Clinical Trial Details
— Status: Recruiting
Administrative data
NCT number |
NCT05814575 |
Other study ID # |
HM20025280 |
Secondary ID |
|
Status |
Recruiting |
Phase |
N/A
|
First received |
|
Last updated |
|
Start date |
June 8, 2023 |
Est. completion date |
October 2024 |
Study information
Verified date |
June 2023 |
Source |
Virginia Commonwealth University |
Contact |
Andrea Publow |
Phone |
804-828-6772 |
Email |
dirospa[@]vcu.edu |
Is FDA regulated |
No |
Health authority |
|
Study type |
Interventional
|
Clinical Trial Summary
This exploratory study brings together an interprofessional team, novel tools, and
innovative, community-driven care delivery approaches to improve health equity among
mother-infant dyads impacted by substance use disorder and high risk for poor health
outcomes. This study will test a community-informed and community-based intervention using a
fetal ultrasound protocol, motivational interviewing techniques, strength-based education,
and healthcare coordination strategies to reduce health disparities faced by women and their
children.
Description:
Engaging women earlier in pregnancy through innovative, yet sustainable methods, will improve
consistency in prenatal care and substance use treatment which will translate into
substantially improved maternal and infant outcomes. The overarching premise is that
successful engagement of women in accessible care during pregnancy will lead to earlier and
more sustained prenatal care and treatment and lower risk for poor outcomes. This study is a
multi-pronged approach to offer: (1) community-informed and community-located protocols to
engage individuals into prenatal care as early as possible; (2) a novel fetal ultrasound
protocol to enhance maternal-fetal connection and stimulate motivation for self-management
and prenatal care; and, (3) navigation and care coordination, to connect individuals to
personalized services and treatment. The NEXUS intervention is based on the idea that
visualizing the fetus and seeing behavioral patterns in-utero will increase a person's sense
of attachment to the fetus and in turn increase motivation for self-care and avoidance of
risky behaviors. The NEXUS protocol includes a standardized fetal neurobehavioral assessment,
measures of fetal growth, and, importantly, a component of 'attachment promotion' as it is a
natural extension to share with the pregnant person the behavioral and social strengths of
their unborn child. As the woman observes the fetus on the monitor (a second external monitor
is set up for easy viewing by the mother), she may also feel fetal movement simultaneously in
the womb (after 23 weeks gestation), creating a visual and sensory link between the mother
and fetus.
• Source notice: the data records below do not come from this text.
Lemma eq_Ex (U : finType) (f g : U -> R) : f =1 g -> Ex f = Ex g.
Proof. by move=> fg; rewrite /Ex (eq_bigr _ (fun x _ => fg x)). Qed.

Lemma Ex_cst (U : finType) (x0 : U) (c : R) : Ex (fun _ : U => c) = c.
Proof.
have U0 : #|U|%:R != 0 :> R by rewrite pnatr_eq0 -lt0n; apply/card_gt0P; exists x0.
by rewrite /Ex sumr_const -[c *+ _]mulr_natr -mulrA divff ?mulr1.
Qed.

Lemma Ex_eq_cst (U : finType) (x0 : U) (f : U -> R) (c : R) :
  (forall x, f x = c) -> Ex f = c.
Proof. by move=> fc; rewrite (eq_Ex fc) (Ex_cst x0). Qed.

Lemma ler_Ex (U : finType) (f g : U -> R) : (forall x, f x <= g x) -> Ex f <= Ex g.
Proof. by move=> fg; rewrite /Ex ler_wpM2r ?invr_ge0 ?ler0n ?ler_sum. Qed.

Lemma Ex_ge0 (U : finType) (f : U -> R) : (forall x, 0 <= f x) -> 0 <= Ex f.
Proof. by move=> f0; rewrite /Ex mulr_ge0 ?invr_ge0 ?ler0n ?sumr_ge0. Qed.

Lemma reindex_Ex (U : finType) (h : U -> U) (f : U -> R) :
  injective h -> Ex (fun x => f (h x)) = Ex f.
Proof. by move=> hI; rewrite /Ex [in RHS](reindex_inj hI). Qed.

Lemma exchange_Ex (U V : finType) (F : U -> V -> R) :
  Ex (fun x => Ex (fun y => F x y)) = Ex (fun y => Ex (fun x => F x y)).
Proof. by rewrite /Ex -!mulr_suml exchange_big -!mulrA [_^-1 * _^-1]mulrC. Qed.

Lemma Ex_sum (U I : finType) (F : I -> U -> R) :
  Ex (fun x => \sum_(j : I) F j x) = \sum_(j : I) Ex (F j).
Proof. by rewrite /Ex exchange_big mulr_suml. Qed.

Lemma sumr_CauchySchwarz (I : finType) (a b : I -> R) :
  (\sum_i a i * b i) ^+ 2 <= (\sum_i a i ^+ 2) * (\sum_i b i ^+ 2).
Proof.
have lagrange : ((\sum_i a i ^+ 2) * (\sum_i b i ^+ 2) - (\sum_i a i * b i) ^+ 2) *+ 2
    = \sum_i \sum_j (a i * b j - a j * b i) ^+ 2.
  rewrite expr2 !big_distrlr /= mulr2n.
  rewrite [X in _ + (X - _)]exchange_big /= -!sumrB -big_split /=.
  by apply: eq_bigr => i _; rewrite -!sumrB -big_split; apply: eq_bigr => j _ /=; ring.
rewrite -subr_ge0 -(pmulrn_lge0 _ (isT : 0 < 2)%N) lagrange.
by do 2!(apply: sumr_ge0 => ? _); apply: sqr_ge0.
Qed.

Lemma Ex_CauchySchwarz (U : finType) (a b : U -> R) :
  Ex (fun x => a x * b x) ^+ 2 <= Ex (fun x => a x ^+ 2) * Ex (fun x => b x ^+ 2).
Proof.
rewrite /Ex mulrACA -expr2 exprMn ler_wpM2r ?sqr_ge0 //.
exact: sumr_CauchySchwarz.
Qed.

Lemma Ex_norm_sqr_le (U : finType) (x0 : U) (g : U -> R) :
  Ex (fun x => `|g x|) ^+ 2 <= Ex (fun x => g x ^+ 2).
Proof.
have normK x : `|g x| ^+ 2 = g x ^+ 2 by rewrite real_normK ?num_real.
have := Ex_CauchySchwarz (fun _ => 1) (fun x => `|g x|).
by rewrite (eq_Ex (fun x => mul1r _)) (Ex_cst x0) expr1n mul1r (eq_Ex normK).
Qed.

End Expectation.

Lemma sqr_le_sqrtM (R : realType) (a b M : R) : 0 <= a -> 0 <= b -> 0 <= M ->
  a ^+ 2 <= M * b ^+ 2 -> a <= Num.sqrt M * b.
Proof.
move=> a0 b0 M0 le_ab; rewrite -(ger0_norm a0) -(ger0_norm b0) -!sqrtr_sqr -sqrtrM //.
by rewrite ler_sqrt // mulr_ge0 ?sqr_ge0.
Qed.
A trained nurse or ultrasonographer shares observations of fetal behavior with the
mother and others if present. The family is given pictures and videos of the infant to take
home with them. The NEXUS protocol will be repeated approximately 4 weeks after the first
session, with educational content focused on the development of the fetus, changes in
physical function, behaviors, and growth.
This is a small community-based randomized control trial in which 60 pregnant women with
substance use disorder (or treatment for substance use disorder) will be offered two prenatal
study visits, between the 2nd and 3rd trimesters, with two follow-up visits in the first 4
months after infant delivery. Participants will be recruited from communities with high
health disparities and randomly assigned to either: (1) the Comparator Group which receives a
standard non-diagnostic ultrasound with minimal interaction and no accompanying education or,
(2) NEXUS Intervention Group which receives the NEXUS fetal ultrasound protocol that includes
motivational interviewing and content specific to emotional and cognitive connection with the
fetus. The prenatal ultrasound visits and the follow-up visits will be offered within the
community in which the participant lives. All participants will receive standardized
education, care coordination, and weekly contact with care navigators.